You are correct on all counts, this code is full of lies to the compiler that could bite you. e.g. with different surrounding code, or different compiler versions / options (especially link-time optimization to enable cross-file inlining).

swap_vbufs doesn't even look very efficient, I suspect gcc would do equal or better with a pure C version. https://gcc.gnu.org/wiki/DontUseInlineAsm. stosd is 3 uops on Intel, worse than a regular mov-store + add rdi,4. And making add rdi,4 unconditional would avoid the need for that else block which puts an extra jmp on the (hopefully) fast path where there's no MMIO store to video RAM because the buffers were equal.
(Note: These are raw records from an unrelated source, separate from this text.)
(* Consider the family of single-server discrete-time queues described in the context, indexed by $\epsilon\in(0,\mu)$. Let $\bar q^{(\epsilon)}$ be a random variable distributed according to the stationary distribution of $\{q^{(\epsilon)}(t)\}_{t\ge0}$. Let $Z^{(\epsilon)}$ be an exponential random variable with rate $\frac{2}{(\sigma_a^{(\epsilon)})^2+\sigma_s^2}$, i.e. with mean $\frac{(\sigma_a^{(\epsilon)})^2+\sigma_s^2}{2}$. Then there exists a constant $K<\infty$, independent of $\epsilon$, such that for every $\epsilon\in(0,\mu)$, $$d_W\big(\epsilon\,\bar q^{(\epsilon)},\,Z^{(\epsilon)}\big)\le K\epsilon .$$
   Context: Wasserstein distance: for real-valued random variables $X,Y$, $d_W(X,Y)=\sup_{h\in \mathrm{Lip}(1)}|\mathbb E[h(X)]-\mathbb E[h(Y)]|$, where $\mathrm{Lip}(1)$ is the set of functions $h:\mathbb R\to\mathbb R$ with $|h(x)-h(y)|\le|x-y|$. Single-server queue: time is slotted. The queue length evolves as $q(t+1)=q(t)+a(t)-s(t)+u(t)$, where $u(t)=\max(s(t)-a(t)-q(t),0)$ is the unused service, and $q(0)$ is a nonnegative integer. The arrivals $\{a(t)\}_t$ are i.i.d. nonnegative integer-valued, the services $\{s(t)\}_t$ are i.i.d. nonnegative integer-valued, and the arrival and service sequences are independent of each other and of the past queue lengths. The service law is fixed with mean $\mu>0$ and variance $\sigma_s^2$. For each $\epsilon\in(0,\mu)$ the arrival law (denoted $a^{(\epsilon)}(t)$) has mean $\lambda^{(\epsilon)}=\mu-\epsilon$ and variance $(\sigma_a^{(\epsilon)})^2$. There are constants $A_{max},S_{max}<\infty$ independent of $\epsilon$ with $a^{(\epsilon)}(t)\le A_{max}$ and $s(t)\le S_{max}$ almost surely. There is a constant $c_0>0$ with $(\sigma_a^{(\epsilon)})^2+\sigma_s^2\ge c_0$ for all $\epsilon$. For each $\epsilon$ the Markov chain $\{q^{(\epsilon)}(t)\}$ is assumed to be positive recurrent with a stationary distribution. *)

From Stdlib Require Export Reals Lra.
Open Scope R_scope.

Definition bounded_pmf (p : nat -> R) (M : nat) : Prop :=
  (forall n, 0 <= p n) /\ (forall n, (M < n)%nat -> p n = 0) /\
  sum_f_R0 p M = 1.

Definition pmf_mean (p : nat -> R) (M : nat) : R :=
  sum_f_R0 (fun n => INR n * p n) M.
Definition pmf_var (p : nat -> R) (M : nat) : R :=
  sum_f_R0 (fun n => (INR n - pmf_mean p M) ^ 2 * p n) M.

(* One-step transition probability of q(t+1) = max(q(t)+a(t)-s(t), 0)
   (nat truncated subtraction), arrivals ~ pa on {0..A}, services ~ ps
   on {0..S}, independent. *)
Definition trans (pa : nat -> R) (A : nat) (ps : nat -> R) (S : nat)
  (i j : nat) : R :=
  sum_f_R0 (fun a => sum_f_R0 (fun s =>
     pa a * ps s * (if Nat.eqb (i + a - s)%nat j then 1 else 0)) S) A.

Definition stationary (pa : nat -> R) (A : nat) (ps : nat -> R) (S : nat)
  (pi : nat -> R) : Prop :=
  (forall n, 0 <= pi n) /\ infinite_sum pi 1 /\
  forall j, infinite_sum (fun i => pi i * trans pa A ps S i j) (pi j).

Definition Lip1 (h : R -> R) : Prop :=
  forall x y, Rabs (h x - h y) <= Rabs (x - y).

Definition improper_int0 (f : R -> R) (l : R) : Prop :=
  (forall b, 0 <= b -> inhabited (Riemann_integrable f 0 b)) /\
  forall eps, 0 < eps -> exists B, forall b (pr : Riemann_integrable f 0 b),
      B <= b -> Rabs (RiemannInt pr - l) < eps.

Definition exp_density (theta x : R) : R := theta * exp (- (theta * x)).

From Stdlib Require Import Reals Lra Lia.
From Coquelicot Require Import Coquelicot.
Open Scope R_scope.

(* Stein's method for the exponential law, combined with a drift argument for the queue.
   For 1-Lipschitz [h] the Stein equation [g' / th - g = h - E h(Z)] has a solution with
   [g 0 = 0], [|g'| <= 1] and [g'] [2 th]-Lipschitz. The discrete primitive
   [Phi n = sum_(k < n) g (eps k)] grows quadratically, and the stationary queue has a finite
   second moment (from the drift of a truncated cube), so [Phi] has zero stationary drift.
   Expanding that drift to second order, [E(a - s) = - eps] and [E(a - s)^2 = sigma^2 + eps^2]
   with [th = 2 / sigma^2] turn it into [eps (E h(eps q) - E h(Z)) + E[g(eps q) u] + O(eps^2)],
   and [E[g(eps q) u] = O(eps^2)] since the unused service [u] has mean [eps] and vanishes
   when [q >= smax]. *)

(** * Stein equation for the exponential law *)

Lemma Lip1_continuous (h : R -> R) : Lip1 h -> forall x, continuous h x.
Proof.
  intros Hh x. apply filterlim_locally. intros eps.
  exists eps. intros y Hy. exact (Rle_lt_trans _ _ _ (Hh y x) Hy).
Qed.

Lemma Lip1_growth (h : R -> R) x : Lip1 h -> 0 <= x -> Rabs (h x) <= Rabs (h 0) + x.
Proof.
  intros Hh Hx. pose proof (Hh x 0) as H. rewrite Rminus_0_r, (Rabs_right x) in H by lra.
  pose proof (Rabs_triang_inv (h x) (h 0)). lra.
Qed.

Lemma exp_ge_sqr_div4 y : 0 <= y -> y * y / 4 <= exp y.
Proof.
  intros Hy. replace y with (y/2 + y/2) at 3 by field. rewrite exp_plus.
  pose proof (exp_ineq1_le (y/2)). nra.
Qed.
(* Let $m,d$ be natural numbers with $d\geqslant m+1$ and $c,C$ positive constants. For a natural number $N$, let $L=L(N):\mathbb{R}^d\to\mathbb{R}^m$ be a surjective linear map with matrix $(\lambda_{ij})_{i\leqslant m,j\leqslant d}$, and assume $\Vert L\Vert_\infty\leqslant C$ and $\operatorname{dist}(L,V_{\mathrm{rank}}(m,d))\geqslant c$. Then there exists an $m\times m$ submatrix $M$ of $L$ with (1) $|\det M|=\Omega_{c,C}(1)$ and (2) $\Vert M^{-1}\Vert_\infty=O_{c,C}(1)$ (such $M$ is called a rank matrix of $L$). Furthermore: (3) if $\mathbf v\in\mathbb{R}^d$ is such that $\mathbf v^T$ lies in the row space of $L$ and $\Vert\mathbf v\Vert_\infty\leqslant C_1$ for some constant $C_1>0$, then there exist coefficients $a_1,\dots,a_m$ with $|a_i|=O_{c,C,C_1}(1)$ such that $\sum_{i=1}^m a_i\lambda_{ij}=v_j$ for all $1\leqslant j\leqslant d$; and (4) if $L$ satisfies the stronger hypothesis $\operatorname{dist}(L,V^{\mathrm{gbl}}_{\mathrm{rank}}(m,d))\geqslant c$, then for each $j$ there is a rank matrix of $L$ not containing the $j$-th column of $L$.
   Context: $\Vert\cdot\Vert_\infty$ is the maximum absolute value of matrix entries; $\operatorname{dist}$ is the $\ell^\infty$ distance on entries. $V_{\mathrm{rank}}(m,d)$ is the set of $m\times d$ real matrices of rank $<m$. $V^{\mathrm{gbl}}_{\mathrm{rank}}(m,d)$ is the set of linear maps $L:\mathbb{R}^d\to\mathbb{R}^m$ for which there is a standard basis vector $\mathbf e_i$ such that $L$ restricted to $\mathrm{span}(\mathbf e_j:j\neq i)$ has rank $<m$. $O_{c,C}(1)$ (resp. $\Omega_{c,C}(1)$) denotes a quantity bounded above (resp. below by a positive quantity) by a constant depending only on $c,C,m,d$; in (3) the constant may also depend on $C_1$. *)

From HB Require Import structures.
From mathcomp Require Import all_boot all_order all_algebra.
From mathcomp Require Import reals.
Set Implicit Arguments. Unset Strict Implicit. Unset Printing Implicit Defensive.
Import Order.TTheory GRing.Theory Num.Theory.
Local Open Scope ring_scope.

Definition mxnorm_inf (R : realType) (p q : nat) (A : 'M[R]_(p, q)) : R :=
  \big[Num.max/0]_(i < p) \big[Num.max/0]_(j < q) `|A i j|.

Definition V_rank (R : realType) (m d : nat) (A : 'M[R]_(m, d)) : Prop :=
  (\rank A < m)%N.

(* The matrix of L restricted to span(e_k : k <> i) (column i replaced by 0);
   its rank is the rank of that restriction. *)
Definition drop_col (R : realType) (m d : nat) (i : 'I_d) (A : 'M[R]_(m, d))
  : 'M[R]_(m, d) := \matrix_(r < m, k < d) (if k == i then 0 else A r k).

Definition V_rank_gbl (R : realType) (m d : nat) (A : 'M[R]_(m, d)) : Prop :=
  exists i : 'I_d, (\rank (drop_col i A) < m)%N.

(* dist(L, V) >= c, with dist the l^oo distance on entries:
   inf_{A in V} ||L - A||_oo >= c, i.e. every A in V is at distance >= c. *)
Definition dist_ge (R : realType) (m d : nat) (V : 'M[R]_(m, d) -> Prop)
  (L : 'M[R]_(m, d)) (c : R) : Prop :=
  forall A, V A -> c <= mxnorm_inf (L - A).

Definition rank_matrix (R : realType) (m d : nat) (L : 'M[R]_(m, d))
  (K1 K2 : R) (f : 'I_m -> 'I_d) : Prop :=
  injective f /\ K1 <= `|\det (colsub f L)| /\
  mxnorm_inf (invmx (colsub f L)) <= K2.

(* Let M be an m x m minor of L of maximal |det|.  By Cramer's rule every entry
   of M^-1 L is a ratio of two m x m minors of L, so it is at most 1 in absolute
   value.  For a row vector w, subtracting (w_i)^-1 (w L) from row i of L yields
   a matrix killed by w, hence of rank < m, at distance ||w L|| / |w_i| from L;
   thus c |w_i| <= ||w L||.  With w a row of M^-1 this gives ||M^-1|| <= 1/c,
   and then |det M| = 1 / |det M^-1| >= c^m / m!.  With w the coefficients of v
   it gives (3) with K3 = C1 / c.  For (4), if L is c-far from V^gbl_rank then
   L with column j zeroed is c-far from V_rank, and its rank matrices cannot use
   the zero column. *)

From HB Require Import structures.
From mathcomp Require Import all_boot all_order all_algebra fingroup perm.
From mathcomp Require Import reals.
Import Order.TTheory GRing.Theory Num.Theory.
Local Open Scope ring_scope.

Section MxnormInf.
Context {R : realType}.

Lemma mxnorm_inf_ge0 {p q : nat} (A : 'M[R]_(p, q)) : 0 <= mxnorm_inf A.
Proof.
rewrite /mxnorm_inf; elim/big_ind: _ => // [x y|i _]; first by rewrite le_max => ->.
by elim/big_ind: _ => // x y; rewrite le_max => ->.
Qed.

Lemma ler_entry_mxnorm_inf {p q : nat} (A : 'M[R]_(p, q)) i j : `|A i j| <= mxnorm_inf A.
Proof.
rewrite /mxnorm_inf; apply: le_trans (le_bigmax _ _ i).
exact: (le_bigmax _ (fun k => `|A i k|) j).
Qed.

Lemma mxnorm_inf_le {p q : nat} (A : 'M[R]_(p, q)) K :
  0 <= K -> (forall i j, `|A i j| <= K) -> mxnorm_inf A <= K.
Proof. by move=> K0 AK; do 2![apply: bigmax_le => // ? _]. Qed.

Lemma ler_mxnorm_inf {p q : nat} (A B : 'M[R]_(p, q)) :
  (forall i j, `|A i j| <= `|B i j|) -> mxnorm_inf A <= mxnorm_inf B.
Proof.
move=> AB; apply: mxnorm_inf_le => [|i j]; first exact: mxnorm_inf_ge0.
by apply: le_trans (AB i j) _; apply: ler_entry_mxnorm_inf.
Qed.

Lemma mxnorm_infZ_le {p q : nat} a (A : 'M[R]_(p, q)) :
  mxnorm_inf (a *: A) <= `|a| * mxnorm_inf A.
Proof.
apply: mxnorm_inf_le => [|i j]; first by rewrite mulr_ge0 ?mxnorm_inf_ge0.
by rewrite mxE normrM ler_wpM2l ?ler_entry_mxnorm_inf.
Qed.

Lemma mxnorm_inf_delta_mul_le {p q : nat} (i : 'I_p) (u : 'rV[R]_q) :
  mxnorm_inf (delta_mx i 0 *m u) <= mxnorm_inf u.
Proof.
apply: mxnorm_inf_le => [|a k]; first exact: mxnorm_inf_ge0.
rewrite mxE big_ord1 mxE eqxx andbT normrM.
case: (a == i); rewrite ?normr1 ?mul1r ?normr0 ?mul0r ?mxnorm_inf_ge0 //.
exact: ler_entry_mxnorm_inf.
Qed.

End MxnormInf.

Section DistanceToRankDeficient.
Context {R : realType} {m d : nat} {L : 'M[R]_(m, d)} {c : R}.
Hypothesis (c_gt0 : 0 < c) (distL : dist_ge (@V_rank R m d) L c).

Lemma dist_V_rank_full : \rank L = m.
Proof.
apply/eqP; rewrite eqn_leq rank_leq_row leqNgt; apply/negP => /distL.
rewrite subrr; apply/negP; rewrite -ltNge.
by apply: le_lt_trans c_gt0; apply: mxnorm_inf_le => // i j; rewrite mxE normr0.
Qed.

Lemma coef_mul_dist_V_rank_le (w : 'rV[R]_m) i :
  c * `|w 0 i| <= mxnorm_inf (w *m L).
Proof.
have [->|wi_neq0] := eqVneq (w 0 i) 0; first by rewrite normr0 mulr0 mxnorm_inf_ge0.
set u := w *m L; set x := w 0 i.
pose A := L - x^-1 *: (delta_mx i 0 *m u).
have wA : w *m A = 0.
  rewrite mulmxBr -scalemxAr mulmxA -colE [col i w]mx11_scalar mul_scalar_mx.
  by rewrite mxE scalerA mulVf // scale1r subrr.
have rkA : V_rank A.
  rewrite /V_rank ltnNge; apply/negP => rkA.
  have freeA : row_free A by rewrite /row_free eqn_leq rank_leq_row rkA.
  move/eqP: wA; rewrite mulmx_free_eq0 // => /eqP w0.
  by move: wi_neq0; rewrite /x w0 mxE eqxx.
have LA_le : mxnorm_inf (L - A) <= `|x^-1| * mxnorm_inf u.
  rewrite subKr; apply: le_trans (mxnorm_infZ_le _ _) _.
  by rewrite ler_wpM2l ?mxnorm_inf_delta_mul_le.
have := le_trans (distL _ rkA) LA_le.
by rewrite normrV ?unitfE // ler_pdivlMl ?normr_gt0 // mulrC.
Qed.

End DistanceToRankDeficient.

Section Determinant.
Context {R : realType}.

Lemma normr_det_le n (A : 'M[R]_n) K :
  0 <= K -> (forall i j, `|A i j| <= K) -> `|\det A| <= n`!%:R * K ^+ n.
Proof.
move=> K0 AK; apply: le_trans (ler_norm_sum _ _ _) _.
rewrite -card_Sn mulr_natl -sumr_const; apply: ler_sum => s _.
rewrite normrM normrX normrN1 expr1n mul1r normr_prod.
rewrite -[n in K ^+ n]card_ord -prodr_const.
by apply: ler_prod => i _; rewrite normr_ge0 AK.
Qed.

Lemma det_ge_of_mxnorm_invmx_le n (M : 'M[R]_n) c :
  0 < c -> M \in unitmx -> mxnorm_inf (invmx M) <= c^-1 ->
  c ^+ n / n`!%:R <= `|\det M|.
Proof.
move=> c_gt0 uM invM_le.
have detM_gt0 : 0 < `|\det M| by rewrite normr_gt0 -unitfE -unitmxE.
have detV_le : `|\det (invmx M)| <= n`!%:R * c^-1 ^+ n.
  apply: normr_det_le => [|i j]; first by rewrite invr_ge0 ltW.
  exact: le_trans (ler_entry_mxnorm_inf _ i j) invM_le.
rewrite det_inv normrV ?unitfE ?normr_gt0 -?unitfE -?unitmxE // in detV_le.
move: detV_le; rewrite -lef_pV2 ?posrE ?invr_gt0 ?mulr_gt0 ?ltr0n ?fact_gt0 //.
  by rewrite invrK invfM exprVn invrK mulrC.
by rewrite exprn_gt0 ?invr_gt0.
Qed.

End Determinant.

Section MaximalMinor.
Context {R : realType}.

Lemma injective_colsub_unitmx n p (A : 'M[R]_(n, p)) (f : 'I_n -> 'I_p) :
  colsub f A \in unitmx -> injective f.
Proof.
rewrite unitmxE unitfE => detA_neq0 a b fab; apply: contraTeq detA_neq0 => ab_neq.
by rewrite negbK -det_tr (determinant_alternate ab_neq) // => x; rewrite !mxE fab.
Qed.

Context {m d : nat} (L : 'M[R]_(m, d)).

Definition is_max_minor (f : 'I_m -> 'I_d) : Prop :=
  forall g : {ffun 'I_m -> 'I_d}, `|\det (colsub g L)| <= `|\det (colsub f L)|.

Lemma exists_colsub_unitmx :
  \rank L = m -> exists f : {ffun 'I_m -> 'I_d}, colsub f L \in unitmx.
Proof.
move=> rkL; have := maxrowsub_free L^T; move: (maxrankfun L^T).
rewrite mxrank_tr rkL => f free_f; exists f.
have -> : colsub f L = (rowsub f L^T)^T by apply/matrixP => a b; rewrite !mxE.
by rewrite unitmx_tr -row_free_unit.
Qed.

Lemma exists_max_minor : \rank L = m ->
  exists2 f : {ffun 'I_m -> 'I_d}, colsub f L \in unitmx & is_max_minor f.
Proof.
move=> /exists_colsub_unitmx[g0 ug0].
pose F (g : {ffun 'I_m -> 'I_d}) := `|\det (colsub g L)|.
case: (@arg_maxP _ _ _ g0 predT F isT) => f _ fmax.
exists f => [|g]; last exact: fmax.
rewrite unitmxE unitfE -normr_gt0; apply: lt_le_trans (fmax g0 isT).
by rewrite /F normr_gt0 -unitfE -unitmxE.
Qed.

Lemma invmx_colsub_mulE (f : 'I_m -> 'I_d) j k : colsub f L \in unitmx ->
  (invmx (colsub f L) *m L) j k =
  \det (colsub [ffun x => if x == j then k else f x] L) / \det (colsub f L).
Proof.
move=> uM; rewrite /invmx uM -scalemxAl mxE mulrC; congr (_ * _).
rewrite (expand_det_col _ j) mxE; apply: eq_bigr => i _.
rewrite !mxE ffunE eqxx mulrC; congr (_ * (_ * \det _)).
apply/matrixP => a b; rewrite !mxE ffunE.
by rewrite eq_sym (negbTE (neq_lift _ _)).
Qed.

Lemma max_minor_mulmx_le1 (f : 'I_m -> 'I_d) :
  colsub f L \in unitmx -> is_max_minor f -> forall j k, `|(invmx (colsub f L) *m L) j k| <= 1.
Proof.
move=> uM fmax j k; rewrite invmx_colsub_mulE // normrM normrV; last first.
  by rewrite -unitmxE.
by rewrite ler_pdivrMr ?mul1r ?normr_gt0 -?unitfE -?unitmxE.
Qed.

End MaximalMinor.

Lemma exists_rank_matrix {R : realType} {m d : nat} {L : 'M[R]_(m, d)} {c : R} :
  0 < c -> dist_ge (@V_rank R m d) L c ->
  exists f : 'I_m -> 'I_d, rank_matrix L (c ^+ m / m`!%:R) c^-1 f.
Proof.
move=> c_gt0 distL.
have [f uM fmax] := exists_max_minor L (dist_V_rank_full c_gt0 distL).
have invM_le : mxnorm_inf (invmx (colsub f L)) <= c^-1.
  apply: mxnorm_inf_le => [|j i]; first by rewrite invr_ge0 ltW.
  have row_le1 : mxnorm_inf (row j (invmx (colsub f L) *m L)) <= 1.
    by apply: mxnorm_inf_le => // a k; rewrite mxE max_minor_mulmx_le1.
  rewrite -(ler_pM2l c_gt0) mulfV ?gt_eqF //; apply: le_trans row_le1.
  have := coef_mul_dist_V_rank_le distL (row j (invmx (colsub f L))) i.
  by rewrite -row_mul mxE.
exists f; split; first exact: injective_colsub_unitmx uM.
by split=> //; apply: det_ge_of_mxnorm_invmx_le.
Qed.

Section DropColumn.
Context {R : realType} {m d : nat}.
Implicit Types (A L : 'M[R]_(m, d)) (f : 'I_m -> 'I_d).

Lemma drop_colE j A : drop_col j A = A *m (1%:M - delta_mx j j).
Proof.
apply/matrixP => r k; rewrite mulmxBr mulmx1 !mxE (bigD1 j) //= big1; last first.
  by move=> b /negbTE b_neq; rewrite mxE b_neq mulr0.
by rewrite mxE eqxx addr0 /=; case: (k =P j) => [->|_]; rewrite ?mulr1 ?subrr ?mulr0 ?subr0.
Qed.

Lemma mxrank_drop_col j A : (\rank (drop_col j A) <= \rank A)%N.
Proof. by rewrite drop_colE mxrankM_maxl. Qed.

Lemma dist_V_rank_drop_col j {L} {c : R} :
  dist_ge (@V_rank_gbl R m d) L c -> dist_ge (@V_rank R m d) (drop_col j L) c.
Proof.
move=> distL A rkA; pose B := \matrix_(r, k) (if k == j then L r k else A r k).
have rkB : V_rank_gbl B.
  exists j; have -> : drop_col j B = drop_col j A.
    by apply/matrixP => r k; rewrite !mxE; case: (k == j).
  exact: leq_ltn_trans (mxrank_drop_col j A) rkA.
apply: le_trans (distL _ rkB) _; apply: ler_mxnorm_inf => r k; rewrite !mxE.
by case: (k == j); rewrite ?subrr ?normr0 ?normr_ge0.
Qed.

Lemma rank_matrix_drop_col {j L K1 K2 f} : 0 < K1 ->
  rank_matrix (drop_col j L) K1 K2 f -> rank_matrix L K1 K2 f /\ forall k, f k != j.
Proof.
move=> K1_gt0 rmD; have [_ [detM_ge _]] := rmD.
have f_neq k : f k != j.
  apply/negP => /eqP fkj; move: (lt_le_trans K1_gt0 detM_ge).
  rewrite (expand_det_col _ k) big1 ?normr0 ?ltxx // => i _.
  by rewrite !mxE fkj eqxx mul0r.
split=> //; move: rmD; rewrite /rank_matrix.
suff -> : colsub f (drop_col j L) = colsub f L by [].
by apply/matrixP => a b; rewrite !mxE (negbTE (f_neq b)).
Qed.

End DropColumn.

Theorem proposition3p1 (R : realType) (m d : nat) (hmd : (m.+1 <= d)%N)
  (c C : R) (hc : 0 < c) (hC : 0 < C) :
  exists K1 K2 : R, 0 < K1 /\ 0 < K2 /\
  (forall L : 'M[R]_(m, d),
     \rank L = m -> mxnorm_inf L <= C -> dist_ge (@V_rank R m d) L c ->
     (exists f : 'I_m -> 'I_d, rank_matrix L K1 K2 f) /\
     (dist_ge (@V_rank_gbl R m d) L c ->
        forall j : 'I_d, exists f : 'I_m -> 'I_d,
          rank_matrix L K1 K2 f /\ (forall k, f k != j))) /\
  (forall C1 : R, 0 < C1 -> exists K3 : R, 0 < K3 /\
     forall L : 'M[R]_(m, d),
       \rank L = m -> mxnorm_inf L <= C -> dist_ge (@V_rank R m d) L c ->
       forall v : 'rV[R]_d, (v <= L)%MS -> mxnorm_inf v <= C1 ->
       exists a : 'I_m -> R, (forall i, `|a i| <= K3) /\
         forall j : 'I_d, \sum_(i < m) a i * L i j = v 0 j).
Proof.
have K1_gt0 : 0 < c ^+ m / m`!%:R by rewrite divr_gt0 ?exprn_gt0 ?ltr0n ?fact_gt0.
exists (c ^+ m / m`!%:R), c^-1; do 2!split=> //; first by rewrite invr_gt0.
split=> [L _ _ distL|C1 C1_gt0].
  split=> [|distL_gbl j]; first exact: exists_rank_matrix.
  have [f rmD] := exists_rank_matrix hc (dist_V_rank_drop_col j distL_gbl).
  by exists f; apply: rank_matrix_drop_col K1_gt0 rmD.
exists (C1 / c); split=> [|L _ _ distL _ /submxP[a ->] v_le]; first by rewrite divr_gt0.
exists (a 0); split=> [i|j]; last by rewrite mxE.
by rewrite ler_pdivlMr // mulrC; apply: le_trans (coef_mul_dist_V_rank_le distL a i) v_le.
Qed.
(lodsd is only 2 uops on Haswell and newer so that's ok if you don't care about IvyBridge or older).

In kernel code I guess they're avoiding SSE2, even though it's baseline for x86-64, otherwise you'd probably want to use that. For a normal memory destination, you'd just memcpy with rep movsd or ERMSB rep movsb, but I guess the point here is to avoid MMIO stores when possible by checking against a cached copy of video RAM. Still, unconditional streaming stores with movnti might be efficient, unless video RAM is mapped UC (uncacheable) instead of WC.


It's easy to construct examples where this really does break in practice, by e.g. using the relevant C variable again after the inline asm statement in the same function. (Or in a parent function which inlined the asm).

An input you want to destroy has to be handled usually with a matching dummy output or a RMW output with a C tmp var, not just "r". or "a".

"r" or any specific-register constraint like "D" means this is a read-only input, and the compiler can expect to find the value undisturbed afterwards. There is no "input I want to destroy" constraint; you have to synthesize that with a dummy output or variable.

This all applies to other compilers (clang and ICC) that support GNU C inline asm syntax.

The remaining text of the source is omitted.